In the method for synthesizing the silicon oxide/carbon composite material, the pH value of the pH buffer solution in the step (1) is 4-6, and preferably 4.5-5.8. The pH buffer may be one or more of sodium dihydrogen phosphate-citric acid pH buffer, sodium acetate pH buffer, potassium hydrogen phthalate-sodium hydroxide pH buffer, preferably sodium dihydrogen phosphate-citric acid pH buffer. The method of formulating the pH buffer is well known to those skilled in the art and can be carried out by methods known in the art.
In the synthesis method of the silicon oxide/carbon composite material, the mass ratio of the pH buffer solution to carbon in the step (1) is 8-40: 1, preferably 11 to 31: 1.
in the method for synthesizing the silicon oxide/carbon composite material, an auxiliary agent can be added in the step (1), wherein the auxiliary agent comprises one or more of tween-20, tween-60 and tween-80; the mass ratio of the auxiliary agent to the micromolecular alcohols is 1: 5-40, preferably 1: 10 to 30.
In the method for synthesizing the silicon oxide/carbon composite material, the silicon source in the step (2) is one or more of methyl orthosilicate, ethyl orthosilicate and propyl orthosilicate, and preferably ethyl orthosilicate.
In the synthetic method, the mass ratio of the silicon source in the step (2) to the carbon in the step (1) is 0.2-1.5: 1, preferably 0.25 to 1.35: 1.

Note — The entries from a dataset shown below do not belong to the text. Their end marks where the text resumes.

(* Let $m\ge3$ and let $T_m$ be the set of permutations $\tau\in\mathcal{S}_m$ with $\tau_{m-1}=m$ and $\tau_m=m-1$. A permutation $\pi\in\mathcal{S}_n$ avoids every pattern in $T_m$ if and only if every element $(i,j)$ of its essential set $\mathcal{E}(\pi)$ has rank $\rho(i,j)\le m-3$.
   Context: A permutation $\pi\in\mathcal{S}_n$ avoids $\tau\in\mathcal{S}_k$ if there are no indices $i_1<\dots<i_k$ with $\pi_{i_1}\cdots\pi_{i_k}$ in the same relative order as $\tau_1\cdots\tau_k$. Represent $\pi$ by an $n\times n$ array, rows $i$ numbered top to bottom, columns $j$ left to right, with a dot in square $(i,\pi_i)$. The diagram $D(\pi)$ is the set of squares $(i,j)$ with $\pi_i>j$ and $\pi^{-1}(j)>i$. The essential set $\mathcal{E}(\pi)$ is the set of $(i,j)\in D(\pi)$ with $(i+1,j)\notin D(\pi)$ and $(i,j+1)\notin D(\pi)$ (squares outside the array count as not in $D(\pi)$). The rank of a square $(i,j)$ is $\rho(i,j)=\#\{k<i:\pi_k<j\}$. *)

From mathcomp Require Import all_boot all_order all_fingroup.
Set Implicit Arguments. Unset Strict Implicit. Unset Printing Implicit Defensive.

(* Permutations of {1..n} are modelled as 'S_n = {perm 'I_n}, i.e. 0-based:
   row i (0-based) has its dot in column p i (0-based). *)

Definition contains (n k : nat) (p : 'S_n) (tau : 'S_k) : Prop :=
  exists f : 'I_k -> 'I_n,
    (forall a b : 'I_k, a < b -> f a < f b) /\
    (forall a b : 'I_k, (p (f a) < p (f b)) = (tau a < tau b)).

Definition avoids (n k : nat) (p : 'S_n) (tau : 'S_k) : Prop := ~ contains p tau.

(* T_m : tau_{m-1} = m and tau_m = m-1 (1-based), i.e. 0-based
   tau(m-2) = m-1 and tau(m-1) = m-2. *)
Definition in_Tm (m : nat) (tau : 'S_m) : Prop :=
  forall i : 'I_m,
    (val i = m - 2 -> val (tau i) = m - 1) /\
    (val i = m - 1 -> val (tau i) = m - 2).

(* Diagram: squares (i,j) with pi_i > j and pi^{-1}(j) > i (0-based; squares
   outside the array are not in the diagram). *)
Definition in_diagram (n : nat) (p : 'S_n) (i j : nat) : bool :=
  [exists a : 'I_n, [exists b : 'I_n,
     [&& val a == i, val b == j, b < p a & a < (p^-1)%g b]]].

Definition in_essential (n : nat) (p : 'S_n) (i j : nat) : bool :=
  [&& in_diagram p i j, ~~ in_diagram p i.+1 j & ~~ in_diagram p i j.+1].

Definition rank (n : nat) (p : 'S_n) (i j : nat) : nat :=
  #|[set k : 'I_n | (val k < i) && (val (p k) < j)]|.

From mathcomp Require Import all_boot all_order all_fingroup.
From mathcomp Require Import zify.

Set Implicit Arguments.
Unset Strict Implicit.
Unset Printing Implicit Defensive.

(* The cells of the diagram are the cells (a, p b) of the inversions a < b,
   p b < p a.  An occurrence of a pattern of T_m ends with such an inversion,
   and its first m - 2 entries lie to the left of a and below p b; conversely
   any m - 2 points counted by the rank of (a, p b), followed by a and b, form
   an occurrence of a pattern of T_m.  So p contains a pattern of T_m iff some
   diagram cell has rank at least m - 2.  Since the rank is monotone in both
   coordinates and a diagram cell can be moved down or right inside the
   diagram until it becomes essential, this happens iff some essential cell
   has rank at least m - 2. *)

Lemma ord_homo_ltn_inj k n (f : 'I_k -> 'I_n) :
  {homo f : a b / a < b} -> injective f.
Proof.
move=> f_inc a b fab; apply/val_inj.
by case: (ltngtP a b) => // /f_inc; rewrite fab ltnn.
Qed.

Lemma card_ord_ltn m k : k <= m -> #|[set y : 'I_m | y < k]| = k.
Proof.
move=> le_km; have widen_inj : injective (widen_ord le_km).
  by move=> x y /(congr1 val) => /= /val_inj.
have -> : [set y : 'I_m | y < k] = widen_ord le_km @: setT.
  apply/setP => y; rewrite inE; apply/idP/imsetP => [lt_yk | [z _ ->]].
    by exists (Ordinal lt_yk); last exact: val_inj.
  exact: (ltn_ord z).
by rewrite card_imset // cardsT card_ord.
Qed.

Lemma nth_enum_set_ltn n (S : {set 'I_n}) x0 r1 r2 :
  r1 < r2 < #|S| -> nth x0 (enum S) r1 < nth x0 (enum S) r2.
Proof.
move=> /andP [lt12 lt2S].
have ltn_trans' : transitive (relpre (@nat_of_ord n) ltn).
  by move=> y x z; apply: ltn_trans.
have sortedS : sorted (relpre (@nat_of_ord n) ltn) (enum S).
  have -> : enum S = filter (mem S) (enum 'I_n) by rewrite enumT.
  apply: sorted_filter => //.
  by rewrite -sorted_map val_enum_ord iota_ltn_sorted.
by apply: (sorted_ltn_nth ltn_trans') => //; rewrite inE -cardE ?(ltn_trans lt12).
Qed.

Lemma contains_standardization k n (p : 'S_n) (f : 'I_k -> 'I_n) :
  {homo f : a b / a < b} ->
  exists2 tau : 'S_k, contains p tau &
    forall x, val (tau x) = #|[set y | p (f y) < p (f x)]|.
Proof.
move=> f_inc; pose v x := val (p (f x)).
have v_inj : injective v.
  by move=> x y /val_inj /perm_inj /(ord_homo_ltn_inj f_inc).
pose below x := [set y | v y < v x].
have below_lt x : #|below x| < k.
  rewrite -[k in _ < k]card_ord -cardsT; apply/proper_card/properP.
  by split; [exact: subsetT | exists x; rewrite !inE ?ltnn].
pose g x := Ordinal (below_lt x).
have g_mono x y : (g x < g y) = (v x < v y).
  rewrite /=; case: (ltnP (v x) (v y)) => [lt_xy | le_yx].
    apply/proper_card/properP; split.
      by apply/subsetP => z; rewrite !inE => /ltn_trans; apply.
    by exists x; rewrite !inE ?lt_xy ?ltnn.
  rewrite ltnNge subset_leq_card //; apply/subsetP => z.
  by rewrite !inE => /leq_trans; apply.
have g_inj : injective g.
  move=> x y gxy; apply: v_inj; have := g_mono x y; have := g_mono y x.
  by rewrite gxy ltnn; case: ltngtP.
by exists (perm g_inj) => [|x]; [exists f; split => // x y | ]; rewrite !permE.
Qed.

Lemma in_diagramP n (p : 'S_n) i j :
  reflect (exists a b : 'I_n, [/\ val a = i, val (p b) = j, a < b & p b < p a])
          (in_diagram p i j).
Proof.
apply: (iffP existsP) => [[a /existsP [c /and4P [/eqP ai /eqP cj lt_ca lt_a]]] | ].
  by exists a, ((p^-1)%g c); rewrite permKV.
move=> [a [b [ai bj lt_ab lt_pba]]]; exists a; apply/existsP; exists (p b).
by rewrite permK ai bj lt_ab lt_pba !eqxx.
Qed.

Lemma in_diagram_ltn n (p : 'S_n) i j : in_diagram p i j -> i < n /\ j < n.
Proof. by case/in_diagramP => a [b [<- <- _ _]]; split; apply: ltn_ord. Qed.

Lemma leq_rank n (p : 'S_n) i j i' j' :
  i <= i' -> j <= j' -> rank p i j <= rank p i' j'.
Proof.
move=> le_i le_j; apply/subset_leq_card/subsetP => k; rewrite !inE.
by case/andP => lt_ki lt_pkj; rewrite (leq_trans lt_ki) // (leq_trans lt_pkj).
Qed.

Lemma in_diagram_essential n (p : 'S_n) i j : in_diagram p i j ->
  exists i' j', in_essential p i' j' /\ rank p i j <= rank p i' j'.
Proof.
move: {2}(n - i + (n - j)) (leqnn (n - i + (n - j))) => d.
elim: d i j => [|d IHd] i j le_d diag_ij; have [lt_in lt_jn] := in_diagram_ltn diag_ij.
  lia.
have [down | ] := boolP (in_diagram p i.+1 j).
  have [i' [j' [ess le_rank]]] := IHd i.+1 j ltac:(lia) down.
  by exists i', j'; rewrite (leq_trans _ le_rank) ?leq_rank.
have [right | ] := boolP (in_diagram p i j.+1).
  have [i' [j' [ess le_rank]]] := IHd i j.+1 ltac:(lia) right.
  by exists i', j'; rewrite (leq_trans _ le_rank) ?leq_rank.
by exists i, j; rewrite /in_essential diag_ij; split => //; apply/and3P.
Qed.

Lemma contains_Tm_diagram_rank m n (p : 'S_n) (tau : 'S_m) :
  2 <= m -> in_Tm tau -> contains p tau ->
  exists i j, in_diagram p i j /\ m - 2 <= rank p i j.
Proof.
move=> m2 tauT [f [f_inc f_iso]].
have lt_a : m - 2 < m by lia.
have lt_b : m - 1 < m by lia.
pose ia := Ordinal lt_a; pose ib := Ordinal lt_b.
have tau_a : val (tau ia) = m - 1 by apply: (tauT ia).1.
have tau_b : val (tau ib) = m - 2 by apply: (tauT ib).2.
have tau_small (r : 'I_m) : r < m - 2 -> tau r < m - 2.
  move=> lt_r; have := ltn_ord (tau r).
  have : tau r != tau ia by rewrite (inj_eq perm_inj) -val_eqE /=; lia.
  have : tau r != tau ib by rewrite (inj_eq perm_inj) -val_eqE /=; lia.
  rewrite -!val_eqE tau_a tau_b /=; lia.
exists (f ia), (p (f ib)); split.
  apply/in_diagramP; exists (f ia), (f ib); split => //; first by apply: f_inc => /=; lia.
  by rewrite f_iso tau_a tau_b; lia.
rewrite -{1}(card_ord_ltn (leq_subr 2 m)) -(card_imset _ (ord_homo_ltn_inj f_inc)).
apply/subset_leq_card/subsetP => _ /imsetP [r + ->]; rewrite !inE => lt_r.
by rewrite f_inc ?f_iso ?tau_b ?tau_small.
Qed.

Lemma diagram_rank_contains_Tm m n (p : 'S_n) i j :
  2 <= m -> in_diagram p i j -> m - 2 <= rank p i j ->
  exists2 tau : 'S_m, in_Tm tau & contains p tau.
Proof.
move=> m2 /in_diagramP [a [b [<- <- lt_ab lt_pba]]]; rewrite /rank.
set S := [set k | _] => big.
pose g r := nth a (enum S) r.
have g_S r : r < m - 2 -> (g r < a) && (p (g r) < p b).
  move=> lt_r; suff : g r \in S by rewrite inE.
  by rewrite -mem_enum mem_nth // -cardE (leq_trans lt_r).
pose f (r : 'I_m) := if r < m - 2 then g r else if r == m - 2 :> nat then a else b.
have f_inc : {homo f : x y / x < y}.
  move=> x y lt_xy; rewrite /f; case: ifP => lt_x.
    case: ifP => lt_y; first by apply: nth_enum_set_ltn; rewrite lt_xy (leq_trans lt_y).
    have /andP [lt_xa _] := g_S _ lt_x.
    by case: ifP => _ //; apply: ltn_trans lt_ab.
  move/negbT: lt_x => ge_x; have lt_ym := ltn_ord y.
  have -> : (y < m - 2) = false by apply/negbTE; lia.
  have -> : (y == m - 2 :> nat) = false by apply/negbTE; lia.
  have -> : (x == m - 2 :> nat) by lia.
  exact: lt_ab.
have [tau p_tau tau_val] := contains_standardization p f_inc.
exists tau => // x.
have below_b y : (p (f y) < p b) = (y < m - 2).
  rewrite /f; case: ifP => [lt_y | _]; first by have /andP [] := g_S _ lt_y.
  by case: ifP => _; rewrite ?ltnn // ltnNge ltnW.
have below_a y : (p (f y) < p a) = (y != m - 2 :> nat).
  rewrite /f; case: ifP => [lt_y | _].
    have /andP [_ lt_gb] := g_S _ lt_y.
    by rewrite (ltn_trans lt_gb lt_pba) neq_ltn lt_y.
  by case: ifP => _; rewrite ?ltnn ?lt_pba.
split => [x_a | x_b]; rewrite tau_val.
  have -> : f x = a by rewrite /f x_a ltnn eqxx.
  have -> : [set y | p (f y) < p a] = [set~ x].
    by apply/setP => y; rewrite !inE below_a -x_a val_eqE.
  by rewrite cardsC1 card_ord subn1.
have -> : f x = b by rewrite /f x_b !ifF //; apply/negbTE; lia.
have -> : [set y | p (f y) < p b] = [set y : 'I_m | y < m - 2].
  by apply/setP => y; rewrite !inE below_b.
exact: card_ord_ltn (leq_subr 2 m).
Qed.

Theorem theorem5p1 (m n : nat) (p : 'S_n) :
  3 <= m ->
  ((forall tau : 'S_m, in_Tm tau -> avoids p tau) <->
   (forall i j : nat, in_essential p i j -> rank p i j <= m - 3)).
Proof.
move=> m3; have m2 : 2 <= m by apply: ltnW.
split => [avoids_Tm i j ess_ij | small_ess tau tauT p_tau].
  rewrite leqNgt; apply/negP => big.
  have diag_ij : in_diagram p i j by case/and3P: ess_ij.
  have [tau tauT p_tau] := diagram_rank_contains_Tm m2 diag_ij ltac:(lia).
  exact: avoids_Tm tau tauT p_tau.
have [i [j [diag_ij big]]] := contains_Tm_diagram_rank m2 tauT p_tau.
have [i' [j' [ess le_rank]]] := in_diagram_essential diag_ij.
have := small_ess _ _ ess; lia.
Qed.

in the method for synthesizing the silicon oxide/carbon composite material, the silicon source is added in the step (2) under the condition of 45-80 ℃, preferably 50-70 ℃.
In the method for synthesizing the silicon oxide/carbon composite material, the silicon source is added under the stirring condition in the step (2), the stirring speed is 100-300 r/min, preferably 120-280 r/min, the stirring is continued for a period of time after the silicon source is dripped, and the stirring speed is 10-60 r/min, preferably 20-50 r/min; the stirring time is 1-10 h, preferably 2-9 h.
In the method for synthesizing the silicon oxide/carbon composite material, the standing condition in the step (2) is as follows: the temperature is 25-40 ℃, and preferably 25-35 ℃; the time is 5-24 h, preferably 6-20 h.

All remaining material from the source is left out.